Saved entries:
(* Let $\mathbf K\in\mathcal T_h$ with invertible affine map $T_{\mathbf K}:\widehat{\mathbf K}\to\mathbf K$, and let $w\in\mathcal{NC}_0^h$. Put $\hat w=w|_{\mathbf K}\circ T_{\mathbf K}\in\widehat{\mathbb P}^{(1)}_{SK}$. Then for each $i\in\{1,2,3\}$, writing $\hat y$ for the pair of coordinates other than $\hat x_i$, the functions $$\hat y\mapsto \hat w|_{\hat x_i=1}(\hat y)-\bigl(\widehat{\mathcal I}^{x_i^+}\hat w\bigr)(\hat y)\quad\text{and}\quad \hat y\mapsto \hat w|_{\hat x_i=-1}(\hat y)-\bigl(\widehat{\mathcal I}^{x_i^-}\hat w\bigr)(\hat y),\qquad \hat y\in[-1,1]^2,$$ coincide; equivalently, $w|_{F_{\mathbf K}^{x_i^+}}-\mathcal I_F^{x_i^+}(w|_{\mathbf K})$ and $w|_{F_{\mathbf K}^{x_i^-}}-\mathcal I_F^{x_i^-}(w|_{\mathbf K})$ agree at corresponding points $T_{\mathbf K}(\hat x)$ of the two opposite faces (points with the same $\hat y$).
   Context: Let $\widehat{\mathbf K}=[-1,1]^3$ with coordinates $(\hat x_1,\hat x_2,\hat x_3)$; $P_2$ denotes polynomials of total degree at most $2$, and $\widehat{\mathbb P}^{(1)}_{SK}=P_2\oplus\mathrm{Span}\{\hat x_1\hat x_2\hat x_3,\hat x_1^2\hat x_2,\hat x_2^2\hat x_3,\hat x_3^2\hat x_1\}$. Let $\Omega\subset\mathbb R^3$ be a parallelepiped domain with boundary $\Gamma$, $\mathcal T_h$ a partition of $\Omega$ into parallelepipeds, each $\mathbf K=T_{\mathbf K}(\widehat{\mathbf K})$ with $T_{\mathbf K}$ invertible affine; $\mathcal{NC}_0^h$ is the space of functions $\phi$ with $\phi|_{\mathbf K}\circ T_{\mathbf K}\in\widehat{\mathbb P}^{(1)}_{SK}$ for all $\mathbf K$, continuous at all element vertices and face-centroids, and vanishing at those on $\Gamma$. Face interpolation: on the faces $\hat x_1=\pm1$ of $\widehat{\mathbf K}$ use the space $\mathrm{Span}\{1,\hat x_2,\hat x_3,\hat x_2\hat x_3,\hat x_3^2\}$; on the faces $\hat x_2=\pm1$ the space $\mathrm{Span}\{1,\hat x_3,\hat x_1,\hat x_3\hat x_1,\hat x_1^2\}$; on the faces $\hat x_3=\pm1$ the space $\mathrm{Span}\{1,\hat x_1,\hat x_2,\hat x_1\hat x_2,\hat x_2^2\}$. For a continuous $g$ on $\widehat{\mathbf K}$, $\widehat{\mathcal I}^{x_i^\pm}g$ is the unique element of the corresponding space (a function of the two coordinates other than $\hat x_i$) that agrees with $g$ at the four vertices and at the centroid of the face $\hat x_i=\pm1$. On $\mathbf K$, $F_{\mathbf K}^{x_i^\pm}=T_{\mathbf K}(\{\hat x_i=\pm1\})$ and $\mathcal I_F^{x_i^\pm}(w|_{\mathbf K})=(\widehat{\mathcal I}^{x_i^\pm}(w|_{\mathbf K}\circ T_{\mathbf K}))\circ T_{\mathbf K}^{-1}$ on that face. *)

From mathcomp Require Import all_boot all_order all_algebra.
From mathcomp Require Import reals.
Set Implicit Arguments. Unset Strict Implicit. Unset Printing Implicit Defensive.
Import Order.TTheory GRing.Theory Num.Theory.
Local Open Scope ring_scope.

Section Defs.
Variable R : realType.

(* points of R^3 are row vectors; coordinate j (j = 0,1,2 stands for x_1,x_2,x_3) *)
Definition crd (x : 'rV[R]_3) (j : nat) : R := x ord0 (inord j).

Definition in_refcube (x : 'rV[R]_3) : Prop :=
  forall j : 'I_3, -1 <= x ord0 j <= 1.

Definition in_PSK (f : 'rV[R]_3 -> R) : Prop :=
  exists c : nat -> R, forall x, in_refcube x ->
    let x1 := crd x 0 in let x2 := crd x 1 in let x3 := crd x 2 in
    f x = c 0%N + c 1%N * x1 + c 2%N * x2 + c 3%N * x3
        + c 4%N * x1 ^+ 2 + c 5%N * x2 ^+ 2 + c 6%N * x3 ^+ 2
        + c 7%N * (x1 * x2) + c 8%N * (x2 * x3) + c 9%N * (x3 * x1)
        + c 10%N * (x1 * x2 * x3) + c 11%N * (x1 ^+ 2 * x2)
        + c 12%N * (x2 ^+ 2 * x3) + c 13%N * (x3 ^+ 2 * x1).

(* The point of the face  x_i = s  with the two remaining coordinates
   y = (a, b) = (x_{i+1}, x_{i+2}) (indices cyclic mod 3):
   i=1: (a,b)=(x2,x3);  i=2: (a,b)=(x3,x1);  i=3: (a,b)=(x1,x2). *)
Definition face_pt (i : 'I_3) (s a b : R) : 'rV[R]_3 :=
  \row_(j < 3) if j == i then s
               else if val j == ((val i).+1 %% 3)%N then a else b.

(* The face space, written in the coordinates (a,b) above:
   span{1, a, b, a b, b^2}  (e.g. on x1 = +-1: span{1,x2,x3,x2 x3,x3^2}). *)
Definition in_face_space (p : R -> R -> R) : Prop :=
  exists d : nat -> R, forall a b,
    p a b = d 0%N + d 1%N * a + d 2%N * b + d 3%N * (a * b) + d 4%N * b ^+ 2.

Definition is_face_interp (i : 'I_3) (s : R) (g : 'rV[R]_3 -> R)
    (p : R -> R -> R) : Prop :=
  in_face_space p /\
  (forall a b : R, (a = 1 \/ a = -1) -> (b = 1 \/ b = -1) ->
     p a b = g (face_pt i s a b)) /\
  p 0 0 = g (face_pt i s 0 0).

End Defs.

(** The face space span{1, a, b, ab, b^2} is unisolvent for the four vertices
    and the centroid of a face, so the face interpolant is a linear projection
    onto it.  Restricting an element of P_SK^(1) to the opposite faces
    x_i = 1 and x_i = -1 and subtracting leaves twice its part odd in x_i, and
    every monomial of P_SK^(1) that is linear in x_i has the form x_i q with q in
    that face space.  Hence the jump across the cube is reproduced by the
    interpolant, and the two interpolation errors coincide. *)
From mathcomp Require Import all_boot all_order all_algebra.
From mathcomp Require Import reals.
From mathcomp Require Import ring lra.
Set Implicit Arguments. Unset Strict Implicit. Unset Printing Implicit Defensive.
Import Order.TTheory GRing.Theory Num.Theory.
Local Open Scope ring_scope.

Section FaceInterpolation.
Variable R : realType.

Definition face_poly (d : nat -> R) (a b : R) : R :=
  d 0%N + d 1%N * a + d 2%N * b + d 3%N * (a * b) + d 4%N * b ^+ 2.

Lemma face_poly_space (d : nat -> R) : in_face_space (face_poly d).
Proof. by exists d. Qed.

Definition face_interp (q : R -> R -> R) (a b : R) : R :=
  q 0 0 + (q 1 1 + q 1 (-1) - q (-1) 1 - q (-1) (-1)) / 4 * a
  + (q 1 1 - q 1 (-1) + q (-1) 1 - q (-1) (-1)) / 4 * b
  + (q 1 1 - q 1 (-1) - q (-1) 1 + q (-1) (-1)) / 4 * (a * b)
  + ((q 1 1 + q 1 (-1) + q (-1) 1 + q (-1) (-1)) / 4 - q 0 0) * b ^+ 2.

Lemma face_interp_space (q : R -> R -> R) : in_face_space (face_interp q).
Proof.
exists (fun k => [:: q 0 0; (q 1 1 + q 1 (-1) - q (-1) 1 - q (-1) (-1)) / 4;
  (q 1 1 - q 1 (-1) + q (-1) 1 - q (-1) (-1)) / 4;
  (q 1 1 - q 1 (-1) - q (-1) 1 + q (-1) (-1)) / 4;
  (q 1 1 + q 1 (-1) + q (-1) 1 + q (-1) (-1)) / 4 - q 0 0]`_k).
by [].
Qed.

Lemma face_interp_vertex (q : R -> R -> R) (a b : R) :
  (a = 1 \/ a = -1) -> (b = 1 \/ b = -1) -> face_interp q a b = q a b.
Proof. by move=> [->|->] [->|->]; rewrite /face_interp; field. Qed.

Lemma face_interp_centroid (q : R -> R -> R) : face_interp q 0 0 = q 0 0.
Proof. by rewrite /face_interp; ring. Qed.

Lemma face_interp_id (p : R -> R -> R) (a b : R) :
  in_face_space p -> face_interp p a b = p a b.
Proof. by case=> d Hd; rewrite /face_interp !Hd; field. Qed.

Lemma face_interpB (q1 q2 : R -> R -> R) (a b : R) :
  face_interp (fun x y => q1 x y - q2 x y) a b
  = face_interp q1 a b - face_interp q2 a b.
Proof. by rewrite /face_interp; ring. Qed.

(* Only the values on [-1,1]^2 enter the interpolant. *)
Lemma face_interp_id_on_square (q p : R -> R -> R) (a b : R) :
  in_face_space p ->
  (forall x y, -1 <= x <= 1 -> -1 <= y <= 1 -> q x y = p x y) ->
  -1 <= a <= 1 -> -1 <= b <= 1 -> face_interp q a b = p a b.
Proof.
move=> Hp Hqp Ha Hb.
have I1 : -1 <= (1 : R) <= 1 by apply/andP; split; lra.
have Im : -1 <= (-1 : R) <= 1 by apply/andP; split; lra.
have I0 : -1 <= (0 : R) <= 1 by apply/andP; split; lra.
by rewrite -(@face_interp_id p a b Hp) /face_interp !Hqp.
Qed.

Lemma is_face_interpE (i : 'I_3) (s : R) (g : 'rV[R]_3 -> R) p (a b : R) :
  is_face_interp i s g p -> p a b = face_interp (fun x y => g (face_pt i s x y)) a b.
Proof.
case=> Hp [Hv H0]; rewrite -(@face_interp_id p a b Hp) /face_interp H0 !Hv //;
  by [left | right].
Qed.

Lemma is_face_interp_exists (i : 'I_3) (s : R) (g : 'rV[R]_3 -> R) :
  is_face_interp i s g (face_interp (fun x y => g (face_pt i s x y))).
Proof.
split; first exact: face_interp_space.
split=> [a b Ha Hb|]; [exact: face_interp_vertex | exact: face_interp_centroid].
Qed.

Lemma crd_face_pt (i : 'I_3) (s a b : R) (j : nat) : (j < 3)%N ->
  crd (face_pt i s a b) j =
  if j == val i then s else if j == ((val i).+1 %% 3)%N then a else b.
Proof. by move=> Hj; rewrite /crd /face_pt mxE -val_eqE /= inordK. Qed.

Lemma in_refcube_face_pt (i : 'I_3) (s a b : R) : -1 <= s <= 1 ->
  -1 <= a <= 1 -> -1 <= b <= 1 -> in_refcube (face_pt i s a b).
Proof.
by move=> Hs Ha Hb j; rewrite /face_pt mxE; case: ifP => _ //; case: ifP.
Qed.

Lemma in_PSK_face_jump (f : 'rV[R]_3 -> R) (i : 'I_3) : in_PSK f ->
  exists d : nat -> R, forall a b : R, -1 <= a <= 1 -> -1 <= b <= 1 ->
    f (face_pt i 1 a b) - f (face_pt i (-1) a b) = face_poly d a b.
Proof.
case=> c Hc.
have I1 : -1 <= (1 : R) <= 1 by apply/andP; split; lra.
have Im : -1 <= (-1 : R) <= 1 by apply/andP; split; lra.
(* The coefficients of x_i, x_i x_{i+1}, x_{i+2} x_i, x_1 x_2 x_3, x_{i+2}^2 x_i. *)
case: i => [[|[|[|k]]] Hi] //=.
- exists (fun k => 2 * [:: c 1%N; c 7%N; c 9%N; c 10%N; c 13%N]`_k) => a b Ha Hb.
  rewrite !Hc; try exact: in_refcube_face_pt.
  by rewrite !crd_face_pt //= /face_poly /=; ring.
- exists (fun k => 2 * [:: c 2%N; c 8%N; c 7%N; c 10%N; c 11%N]`_k) => a b Ha Hb.
  rewrite !Hc; try exact: in_refcube_face_pt.
  by rewrite !crd_face_pt //= /face_poly /=; ring.
- exists (fun k => 2 * [:: c 3%N; c 9%N; c 8%N; c 10%N; c 12%N]`_k) => a b Ha Hb.
  rewrite !Hc; try exact: in_refcube_face_pt.
  by rewrite !crd_face_pt //= /face_poly /=; ring.
Qed.

Lemma in_PSK_face_interp_error (f : 'rV[R]_3 -> R) (i : 'I_3)
    (pp pm : R -> R -> R) (a b : R) :
  in_PSK f -> is_face_interp i 1 f pp -> is_face_interp i (-1) f pm ->
  -1 <= a <= 1 -> -1 <= b <= 1 ->
  f (face_pt i 1 a b) - pp a b = f (face_pt i (-1) a b) - pm a b.
Proof.
move=> /(in_PSK_face_jump i) [d Hd] Hp Hm Ha Hb.
have jump_interp : pp a b - pm a b = face_poly d a b.
  rewrite (is_face_interpE a b Hp) (is_face_interpE a b Hm) -face_interpB.
  exact: face_interp_id_on_square (face_poly_space d) Hd Ha Hb.
have := Hd a b Ha Hb; rewrite -jump_interp; lra.
Qed.

End FaceInterpolation.

(* The affine map only enters through w_hat. *)
Theorem lemma4 (R : realType) (A : 'M[R]_3) (t : 'rV[R]_3)
    (w : 'rV[R]_3 -> R) :
  A \in unitmx ->
  in_PSK (fun xh => w (xh *m A + t)) ->
  forall i : 'I_3,
    let wh := fun xh => w (xh *m A + t) in
    (exists pp pm : R -> R -> R,
        is_face_interp i 1 wh pp /\ is_face_interp i (-1) wh pm) /\
    (forall pp pm : R -> R -> R,
        is_face_interp i 1 wh pp -> is_face_interp i (-1) wh pm ->
        forall a b : R, -1 <= a <= 1 -> -1 <= b <= 1 ->
          wh (face_pt i 1 a b) - pp a b = wh (face_pt i (-1) a b) - pm a b).
Proof.
move=> _ Hw i wh; split.
  by do 2 eexists; split; apply: is_face_interp_exists.
by move=> pp pm Hp Hm a b; apply: in_PSK_face_interp_error.
Qed.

**Try it:** Taking the line with "the opposite faces" as the first and the line with "Definition face_interp (q" as the last, retype that stretch of the data above exactly, with no other lines.

**Task response:**
    onto it.  Restricting an element of P_SK^(1) to the opposite faces
    x_i = 1 and x_i = -1 and subtracting leaves twice its part odd in x_i, and
    every monomial of P_SK^(1) that is linear in x_i has the form x_i q with q in
    that face space.  Hence the jump across the cube is reproduced by the
    interpolant, and the two interpolation errors coincide. *)
From mathcomp Require Import all_boot all_order all_algebra.
From mathcomp Require Import reals.
From mathcomp Require Import ring lra.
Set Implicit Arguments. Unset Strict Implicit. Unset Printing Implicit Defensive.
Import Order.TTheory GRing.Theory Num.Theory.
Local Open Scope ring_scope.

Section FaceInterpolation.
Variable R : realType.

Definition face_poly (d : nat -> R) (a b : R) : R :=
  d 0%N + d 1%N * a + d 2%N * b + d 3%N * (a * b) + d 4%N * b ^+ 2.

Lemma face_poly_space (d : nat -> R) : in_face_space (face_poly d).
Proof. by exists d. Qed.

Definition face_interp (q : R -> R -> R) (a b : R) : R :=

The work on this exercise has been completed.